In the records below, find the line containing "assert (Hjensen : exp" and the line containing "eapply Rle_trans; [|apply exp_expect_le]."; please repeat exactly the lines from one to the other, both included, and nothing more.
START Material provided
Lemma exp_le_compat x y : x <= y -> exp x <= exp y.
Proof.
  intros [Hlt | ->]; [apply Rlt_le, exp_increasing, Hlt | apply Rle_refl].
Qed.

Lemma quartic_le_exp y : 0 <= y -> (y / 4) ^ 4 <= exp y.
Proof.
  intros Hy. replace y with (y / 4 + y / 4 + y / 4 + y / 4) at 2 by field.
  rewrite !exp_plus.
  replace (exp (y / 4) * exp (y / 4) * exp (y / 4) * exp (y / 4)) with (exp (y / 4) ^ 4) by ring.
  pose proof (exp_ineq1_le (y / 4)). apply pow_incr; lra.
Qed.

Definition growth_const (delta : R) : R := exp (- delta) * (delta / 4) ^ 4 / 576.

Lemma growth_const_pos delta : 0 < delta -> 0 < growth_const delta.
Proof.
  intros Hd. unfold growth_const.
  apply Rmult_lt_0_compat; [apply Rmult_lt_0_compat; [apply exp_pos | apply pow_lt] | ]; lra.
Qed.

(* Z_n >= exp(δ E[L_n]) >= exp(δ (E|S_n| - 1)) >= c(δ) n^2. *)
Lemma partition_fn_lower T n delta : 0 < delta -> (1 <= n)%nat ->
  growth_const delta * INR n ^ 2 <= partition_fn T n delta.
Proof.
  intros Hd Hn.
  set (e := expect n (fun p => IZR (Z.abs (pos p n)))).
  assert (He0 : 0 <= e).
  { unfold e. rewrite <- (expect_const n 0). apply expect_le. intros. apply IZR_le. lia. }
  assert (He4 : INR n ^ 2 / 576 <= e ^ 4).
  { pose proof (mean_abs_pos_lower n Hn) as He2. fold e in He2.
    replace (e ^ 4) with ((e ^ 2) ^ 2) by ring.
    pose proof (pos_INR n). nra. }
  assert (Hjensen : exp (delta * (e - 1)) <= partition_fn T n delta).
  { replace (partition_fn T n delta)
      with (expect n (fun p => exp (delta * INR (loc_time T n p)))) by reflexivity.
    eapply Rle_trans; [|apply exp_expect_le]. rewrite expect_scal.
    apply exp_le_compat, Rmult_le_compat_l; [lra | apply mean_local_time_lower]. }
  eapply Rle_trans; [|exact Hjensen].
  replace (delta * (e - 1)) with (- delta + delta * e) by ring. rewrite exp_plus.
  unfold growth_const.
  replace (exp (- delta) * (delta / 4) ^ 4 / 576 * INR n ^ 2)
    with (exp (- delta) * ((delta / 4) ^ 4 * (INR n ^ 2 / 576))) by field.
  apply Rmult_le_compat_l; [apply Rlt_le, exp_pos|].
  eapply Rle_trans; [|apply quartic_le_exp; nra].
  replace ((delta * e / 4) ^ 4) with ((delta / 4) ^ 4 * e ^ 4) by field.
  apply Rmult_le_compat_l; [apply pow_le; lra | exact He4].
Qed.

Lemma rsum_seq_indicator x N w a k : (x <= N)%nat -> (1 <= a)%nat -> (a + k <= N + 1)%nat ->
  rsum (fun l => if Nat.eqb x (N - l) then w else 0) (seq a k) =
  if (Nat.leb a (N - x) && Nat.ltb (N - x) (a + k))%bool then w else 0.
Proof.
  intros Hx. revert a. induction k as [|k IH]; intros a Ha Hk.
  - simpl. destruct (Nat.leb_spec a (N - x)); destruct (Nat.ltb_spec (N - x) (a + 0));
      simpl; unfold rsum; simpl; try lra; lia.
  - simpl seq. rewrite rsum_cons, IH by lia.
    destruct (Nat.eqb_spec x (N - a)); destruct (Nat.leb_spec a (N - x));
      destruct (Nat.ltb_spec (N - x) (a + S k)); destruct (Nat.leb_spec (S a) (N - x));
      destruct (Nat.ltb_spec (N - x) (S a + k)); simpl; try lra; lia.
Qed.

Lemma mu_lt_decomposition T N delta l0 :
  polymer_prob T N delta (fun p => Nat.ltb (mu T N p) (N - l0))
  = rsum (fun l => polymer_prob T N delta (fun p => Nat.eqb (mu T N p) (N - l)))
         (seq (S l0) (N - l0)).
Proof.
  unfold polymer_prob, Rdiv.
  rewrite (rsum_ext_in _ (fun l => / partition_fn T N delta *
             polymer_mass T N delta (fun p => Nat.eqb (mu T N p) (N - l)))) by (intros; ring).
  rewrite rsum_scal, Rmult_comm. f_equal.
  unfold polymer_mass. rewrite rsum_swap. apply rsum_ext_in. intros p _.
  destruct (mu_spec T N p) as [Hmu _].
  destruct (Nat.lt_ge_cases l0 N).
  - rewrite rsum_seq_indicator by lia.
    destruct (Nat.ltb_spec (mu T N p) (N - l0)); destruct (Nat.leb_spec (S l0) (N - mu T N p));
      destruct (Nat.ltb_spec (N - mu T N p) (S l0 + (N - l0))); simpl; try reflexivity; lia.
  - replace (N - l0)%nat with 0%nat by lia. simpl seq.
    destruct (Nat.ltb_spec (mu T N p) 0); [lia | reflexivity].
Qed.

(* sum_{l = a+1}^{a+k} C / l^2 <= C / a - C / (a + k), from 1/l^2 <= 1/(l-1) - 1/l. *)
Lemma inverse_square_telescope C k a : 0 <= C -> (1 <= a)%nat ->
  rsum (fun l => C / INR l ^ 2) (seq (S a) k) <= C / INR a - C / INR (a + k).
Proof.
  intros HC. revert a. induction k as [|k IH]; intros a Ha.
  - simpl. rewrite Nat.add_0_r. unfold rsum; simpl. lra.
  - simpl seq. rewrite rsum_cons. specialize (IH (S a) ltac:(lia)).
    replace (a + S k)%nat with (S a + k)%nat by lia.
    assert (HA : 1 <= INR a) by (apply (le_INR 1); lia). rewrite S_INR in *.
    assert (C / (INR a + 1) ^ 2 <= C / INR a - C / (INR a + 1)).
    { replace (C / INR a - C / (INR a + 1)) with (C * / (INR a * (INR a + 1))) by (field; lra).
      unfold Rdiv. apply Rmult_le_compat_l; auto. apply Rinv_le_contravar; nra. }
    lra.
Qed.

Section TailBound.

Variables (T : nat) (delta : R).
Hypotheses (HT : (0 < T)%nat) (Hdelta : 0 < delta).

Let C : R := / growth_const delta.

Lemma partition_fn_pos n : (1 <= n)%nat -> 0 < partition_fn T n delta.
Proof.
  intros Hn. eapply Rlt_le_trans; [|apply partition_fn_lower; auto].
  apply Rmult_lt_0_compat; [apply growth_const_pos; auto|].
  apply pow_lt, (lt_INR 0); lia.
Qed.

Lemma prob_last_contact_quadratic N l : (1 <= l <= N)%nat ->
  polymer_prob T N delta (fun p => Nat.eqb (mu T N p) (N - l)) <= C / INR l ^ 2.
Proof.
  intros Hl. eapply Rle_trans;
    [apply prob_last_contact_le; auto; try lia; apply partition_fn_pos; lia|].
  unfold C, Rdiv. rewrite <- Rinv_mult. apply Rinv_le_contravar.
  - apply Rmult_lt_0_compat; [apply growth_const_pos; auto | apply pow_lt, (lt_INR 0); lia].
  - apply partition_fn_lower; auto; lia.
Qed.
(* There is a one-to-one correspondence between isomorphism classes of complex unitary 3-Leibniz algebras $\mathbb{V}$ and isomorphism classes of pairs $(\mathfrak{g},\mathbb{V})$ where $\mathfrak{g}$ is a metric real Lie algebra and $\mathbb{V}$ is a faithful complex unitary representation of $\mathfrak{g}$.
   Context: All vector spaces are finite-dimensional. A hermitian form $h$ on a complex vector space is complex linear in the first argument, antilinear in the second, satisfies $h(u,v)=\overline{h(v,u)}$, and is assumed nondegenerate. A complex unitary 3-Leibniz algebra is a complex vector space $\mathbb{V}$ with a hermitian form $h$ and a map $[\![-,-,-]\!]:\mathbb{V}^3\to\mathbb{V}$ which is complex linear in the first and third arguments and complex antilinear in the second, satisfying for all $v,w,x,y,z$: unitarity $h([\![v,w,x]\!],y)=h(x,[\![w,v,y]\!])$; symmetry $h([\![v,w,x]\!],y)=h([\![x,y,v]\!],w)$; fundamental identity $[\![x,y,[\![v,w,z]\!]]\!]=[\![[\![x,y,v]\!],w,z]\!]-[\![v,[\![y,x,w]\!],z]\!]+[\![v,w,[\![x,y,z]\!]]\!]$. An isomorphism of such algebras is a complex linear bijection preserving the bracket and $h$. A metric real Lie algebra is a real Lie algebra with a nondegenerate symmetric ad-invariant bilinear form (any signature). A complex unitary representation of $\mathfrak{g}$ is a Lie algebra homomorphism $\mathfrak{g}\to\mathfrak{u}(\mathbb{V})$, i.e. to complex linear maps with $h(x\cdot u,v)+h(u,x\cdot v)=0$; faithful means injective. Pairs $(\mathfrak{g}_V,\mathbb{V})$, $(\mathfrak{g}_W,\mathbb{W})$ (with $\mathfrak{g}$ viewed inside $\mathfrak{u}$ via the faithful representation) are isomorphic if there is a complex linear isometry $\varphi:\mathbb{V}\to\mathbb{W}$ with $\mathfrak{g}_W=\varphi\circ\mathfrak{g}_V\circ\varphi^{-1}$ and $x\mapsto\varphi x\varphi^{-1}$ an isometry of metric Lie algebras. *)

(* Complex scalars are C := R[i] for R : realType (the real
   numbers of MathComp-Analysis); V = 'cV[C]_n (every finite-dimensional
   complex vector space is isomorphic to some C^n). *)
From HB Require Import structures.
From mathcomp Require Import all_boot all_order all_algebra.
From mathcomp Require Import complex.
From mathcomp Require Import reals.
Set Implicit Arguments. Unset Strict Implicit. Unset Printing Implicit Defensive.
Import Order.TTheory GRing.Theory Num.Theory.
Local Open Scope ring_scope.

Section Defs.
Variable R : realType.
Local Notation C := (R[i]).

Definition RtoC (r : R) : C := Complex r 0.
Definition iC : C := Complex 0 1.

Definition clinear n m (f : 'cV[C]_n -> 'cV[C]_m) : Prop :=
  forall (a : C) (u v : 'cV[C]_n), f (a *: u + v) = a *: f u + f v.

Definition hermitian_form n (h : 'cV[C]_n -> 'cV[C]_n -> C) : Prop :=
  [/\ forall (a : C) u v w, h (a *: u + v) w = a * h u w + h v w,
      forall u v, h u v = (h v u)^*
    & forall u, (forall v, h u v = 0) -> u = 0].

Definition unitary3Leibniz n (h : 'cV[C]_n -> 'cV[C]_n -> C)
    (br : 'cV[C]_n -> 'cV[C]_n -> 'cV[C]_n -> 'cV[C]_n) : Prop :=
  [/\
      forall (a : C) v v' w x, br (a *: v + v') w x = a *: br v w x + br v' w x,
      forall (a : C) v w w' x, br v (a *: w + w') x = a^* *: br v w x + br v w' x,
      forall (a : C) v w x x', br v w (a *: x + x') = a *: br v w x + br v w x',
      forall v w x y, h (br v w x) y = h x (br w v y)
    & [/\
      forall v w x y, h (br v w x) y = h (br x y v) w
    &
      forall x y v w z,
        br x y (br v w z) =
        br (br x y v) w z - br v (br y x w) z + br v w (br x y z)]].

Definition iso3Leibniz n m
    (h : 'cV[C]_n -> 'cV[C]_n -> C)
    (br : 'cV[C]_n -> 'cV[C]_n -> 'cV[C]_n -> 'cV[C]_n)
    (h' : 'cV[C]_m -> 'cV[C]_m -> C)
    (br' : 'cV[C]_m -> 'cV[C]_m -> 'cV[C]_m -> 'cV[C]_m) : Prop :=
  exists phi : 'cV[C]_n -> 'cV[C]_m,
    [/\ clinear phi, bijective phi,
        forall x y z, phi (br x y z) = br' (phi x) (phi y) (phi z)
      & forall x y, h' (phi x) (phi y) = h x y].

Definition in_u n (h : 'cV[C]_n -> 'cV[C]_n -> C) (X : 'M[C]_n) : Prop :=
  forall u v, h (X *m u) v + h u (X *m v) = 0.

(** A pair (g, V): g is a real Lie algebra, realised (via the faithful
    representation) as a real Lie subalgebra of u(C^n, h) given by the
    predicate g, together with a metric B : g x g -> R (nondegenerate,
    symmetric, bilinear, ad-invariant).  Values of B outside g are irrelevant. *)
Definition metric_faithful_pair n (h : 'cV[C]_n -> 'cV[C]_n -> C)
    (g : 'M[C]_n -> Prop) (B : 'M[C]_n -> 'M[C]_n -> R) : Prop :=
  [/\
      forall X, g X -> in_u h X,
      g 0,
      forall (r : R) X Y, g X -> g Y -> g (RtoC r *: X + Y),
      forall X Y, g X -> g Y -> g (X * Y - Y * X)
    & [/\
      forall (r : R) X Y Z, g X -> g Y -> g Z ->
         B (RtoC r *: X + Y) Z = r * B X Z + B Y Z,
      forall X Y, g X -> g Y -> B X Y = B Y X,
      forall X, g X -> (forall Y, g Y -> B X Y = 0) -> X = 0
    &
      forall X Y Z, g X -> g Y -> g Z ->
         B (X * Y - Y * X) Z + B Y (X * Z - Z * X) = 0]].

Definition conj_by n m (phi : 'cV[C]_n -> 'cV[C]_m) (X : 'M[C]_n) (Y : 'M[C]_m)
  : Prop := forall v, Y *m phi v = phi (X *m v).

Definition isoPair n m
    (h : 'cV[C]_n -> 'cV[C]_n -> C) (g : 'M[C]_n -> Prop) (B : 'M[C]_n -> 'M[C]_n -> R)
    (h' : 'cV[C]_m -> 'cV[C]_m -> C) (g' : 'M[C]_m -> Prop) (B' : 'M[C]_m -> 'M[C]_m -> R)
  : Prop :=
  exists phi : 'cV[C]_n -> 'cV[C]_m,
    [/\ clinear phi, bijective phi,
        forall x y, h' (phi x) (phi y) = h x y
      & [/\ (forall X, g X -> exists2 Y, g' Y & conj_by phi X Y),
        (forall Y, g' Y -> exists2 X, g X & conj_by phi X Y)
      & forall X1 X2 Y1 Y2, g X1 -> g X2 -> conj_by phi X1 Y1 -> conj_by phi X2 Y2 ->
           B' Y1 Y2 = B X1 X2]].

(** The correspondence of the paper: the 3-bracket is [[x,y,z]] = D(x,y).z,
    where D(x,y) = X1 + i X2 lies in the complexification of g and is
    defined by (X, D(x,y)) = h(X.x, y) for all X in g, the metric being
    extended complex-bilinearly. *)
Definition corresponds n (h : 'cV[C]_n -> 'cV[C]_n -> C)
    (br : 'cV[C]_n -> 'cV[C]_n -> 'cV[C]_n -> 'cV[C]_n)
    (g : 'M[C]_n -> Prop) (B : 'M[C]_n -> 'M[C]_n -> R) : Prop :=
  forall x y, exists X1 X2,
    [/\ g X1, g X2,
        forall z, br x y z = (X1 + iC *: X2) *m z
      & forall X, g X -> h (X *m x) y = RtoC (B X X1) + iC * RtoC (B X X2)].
END Material provided
#### Answer to this exercise:
  assert (Hjensen : exp (delta * (e - 1)) <= partition_fn T n delta).
  { replace (partition_fn T n delta)
      with (expect n (fun p => exp (delta * INR (loc_time T n p)))) by reflexivity.
    eapply Rle_trans; [|apply exp_expect_le]. rewrite expect_scal.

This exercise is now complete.